Comparative Outcomes of Adalimumab and Infliximab Dose Escalation in Inflammatory Bowel Disease Patients Failing First-Line Biologic Treatment

Ali Atay  1 Yavuz Cagir  2 Mucahit Ergul  1 Oguz Ozturk  1 Muhammed Bahaddin Durak  3 Ilhami Yuksel  1   4
Affiliations

Comparative Outcomes of Adalimumab and Infliximab Dose Escalation in Inflammatory Bowel Disease Patients Failing First-Line Biologic Treatment

Ali Atay et al. J Clin Med. .

Abstract

Background/Objectives: Dose escalation has been commonly used to achieve and maintain response.
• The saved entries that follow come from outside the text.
(* Let $S$ be a semigroup and let $\mathcal{R}'$ and $\leq_l$ be binary relations on $S$. Write $\mathcal{L}'$ for the relation $\leq_l \cap \geq_l$, write $L'_a$ for the $\mathcal{L}'$-class of $a\in S$, and (when $\leq_l$ is a preorder) write $\wedge$ for the meet of $\mathcal{L}'$-classes with respect to the partial order on $S/\mathcal{L}'$ induced by $\leq_l$, where such meets exist. Then $S$ has a semigroup of straight left I-quotients $Q$ (i.e. $S$ embeds as a straight left I-order in an inverse semigroup $Q$) such that \[\mathcal{R}^Q\cap(S\times S)=\mathcal{R}' \quad\text{and}\quad \leq_{\mathcal{L}^Q}\cap\,(S\times S)=\ \leq_l\] if and only if all of the following hold: $\mathcal{R}'$ is a left compatible equivalence relation on $S$; $\leq_l$ is a preorder on $S$ such that the $\mathcal{L}'$-classes form a meet semilattice under the associated partial order; and $S$ satisfies: \begin{itemize} \item[(M1)] For all $\alpha,\beta\in S$ there exist $\gamma,\delta\in S$ such that $\gamma\,\mathcal{R}'\,\delta\,\mathcal{R}'\,\delta\beta=\gamma\alpha$ and $L'_\alpha\wedge L'_\beta=L'_{\gamma\alpha}$. \item[(M2)] For all $\alpha,\beta,\gamma,\delta\in S$, $L'_\alpha\wedge L'_\beta=L'_\gamma$ implies $L'_{\alpha\delta}\wedge L'_{\beta\delta}=L'_{\gamma\delta}$. \item[(M3)] For all $\alpha,\beta\in S$, $\alpha\beta\leq_l\beta$. \item[(M4)] $\mathcal{R}'\subseteq\mathcal{R}^*$. \item[(M5)] For all $\alpha,\beta,\gamma,\delta\in S$ with $\gamma\,\mathcal{R}'\,\gamma\alpha\,\mathcal{L}'\,\alpha$ and $\delta\,\mathcal{R}'\,\delta\beta\,\mathcal{L}'\,\beta$, we have $\gamma\,\mathcal{L}'\,\delta$ if and only if $\alpha\,\mathcal{R}'\,\beta$. \item[(M6)] For all $\alpha,\beta,\gamma\in S$, $\alpha\,\mathcal{L}'\,\beta\,\mathcal{L}'\,\gamma\alpha=\gamma\beta$ implies $\alpha=\beta$. \end{itemize}
   Context: For an element $a$ of an inverse semigroup $Q$, $a^{-1}$ denotes its unique inverse. A subsemigroup $S$ of an inverse semigroup $Q$ is a left I-order in $Q$ (and $Q$ a semigroup of left I-quotients of $S$) if every $q\in Q$ can be written $q=a^{-1}b$ with $a,b\in S$; it is straight (and $Q$ a semigroup of straight left I-quotients) if moreover $a,b$ can always be chosen with $a\,\mathcal{R}\,b$ in $Q$. $\mathcal{R}^Q$, $\mathcal{L}^Q$ denote Green's relations of $Q$ and $\leq_{\mathcal{L}^Q}$ the preorder $a\leq_{\mathcal{L}^Q}b \iff Q^1a\subseteq Q^1b$. On $S$, $\mathcal{R}^*$ is the relation: $a\,\mathcal{R}^*\,b$ iff for all $x,y\in S^1$, $xa=ya \Leftrightarrow xb=yb$. A relation is left compatible if $a\,\rho\,b$ implies $ca\,\rho\,cb$ for all $c\in S$. *)

Set Implicit Arguments.
Lemma hdot_sumr I (r : seq I) (c : I -> F) (v : I -> 'rV[F]_N) x :
  hdot q x (\sum_(i <- r) c i *: v i) = \sum_(i <- r) c i ^+ q * hdot q x (v i).
Proof.
rewrite /hdot; under eq_bigr do rewrite summxE exprq_sum big_distrr.
rewrite exchange_big /=; apply: eq_bigr => i _; rewrite big_distrr /=.
by apply: eq_bigr => j _; rewrite mxE exprMn mulrCA.
Qed.

Lemma hdualP (E : {vspace 'rV[F]_N}) y :
  reflect (forall x, x \in E -> hdot q x y = 0) (y \in hdual q E).
Proof.
apply: (iffP idP) => [y_in x x_in | y_orth]; last first.
  apply: memv_span; rewrite mem_filter mem_enum inE andbT.
  by apply/forallP => x; apply/implyP => /y_orth ->.
move: y_in; rewrite /hdual -[hdual_set _ _]in_tupleE => /coord_span ->.
rewrite hdot_sumr big1 // => i _.
have : (hdual_set q E)`_i \in hdual_set q E by rewrite mem_nth.
rewrite mem_filter => /andP[/forallP /(_ x) /implyP /(_ x_in) /eqP -> _].
by rewrite mulr0.
Qed.

Lemma hdual_spanP (X : seq 'rV[F]_N) y :
  reflect (forall x, x \in X -> hdot q x y = 0) (y \in hdual q <<X>>%VS).
Proof.
apply: (iffP (hdualP _ _)) => [y_orth x /memv_span /y_orth // | y_orth x].
rewrite -[X]in_tupleE => /coord_span ->.
by rewrite hdot_suml big1 // => i _; rewrite y_orth ?mulr0 ?mem_nth.
Qed.

End HermitianForm.

(** * The Hermitian dual of the Reed-Solomon code *)

Section HermitianDualRS.
Variables (F : finFieldType) (q t : nat).
Hypotheses (card_F : #|F| = (q * q)%N) (t_le : (t <= q * q - 2)%N).
Local Notation N := #|F|.
Local Notation E := (Dcode F (iota 0 t.+1)).
Local Notation C := (hdual q E).

Let q_gt1 : (1 < q)%N.
Proof. by have := finNzRing_gt1 F; rewrite card_F; case: q => [|[|]]. Qed.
We aimed to compare the outcomes of adalimumab or infliximab dose escalation in inflammatory bowel disease (IBD) patients. Methods: Treatment persistence (TP) and predictive factors for remission-free treatment discontinuation (r-fTD) were evaluated in patients treated with adalimumab or infliximab dose escalation between 2019 and 2024. Results: Dose escalation was identified in 142 patients treated with adalimumab (UC: 23.9%; CD: 76.1%) and in 126 patients treated with infliximab (UC: 23.8%; CD: 76.2%). The TP rate was significantly lower in the adalimumab group (35.2%) than the infliximab group (53.2%) (p = 0.003). The survival analysis showed that drug persistence was lower in the adalimumab group compared with the infliximab group (mean time: 74.3 vs. 99.5 months, p < 0.001). TP rates showed no significant differences between UC and CD for both adalimumab (mean time UC: 64.7 months vs. CD: 76.2 months, p = 0.403) and infliximab (mean time UC: 80.3 months and CD: 102.6 months, p = 0.151). The r-fTD rates were significantly higher in the adalimumab group (62.7%) than the infliximab group (39.7%) (p < 0.001). Primary lack of response and secondary loss of response (sLOR) rates were both higher in the adalimumab group (7.7% and 51.4%) than the infliximab group (1.6% and 28.6%). However, serious adverse events were lower in the adalimumab group (2.1%) than the infliximab group (7.9%) (p = 0.027). Conclusions: Infliximab dose escalation was more effective than adalimumab in both UC and CD patients. Regarding the side effect profile, adalimumab dose escalation was found to be safer compared with infliximab.

Keywords: Crohn’s disease; adalimumab; dose escalation; inflammatory bowel disease; infliximab; ulcerative colitis.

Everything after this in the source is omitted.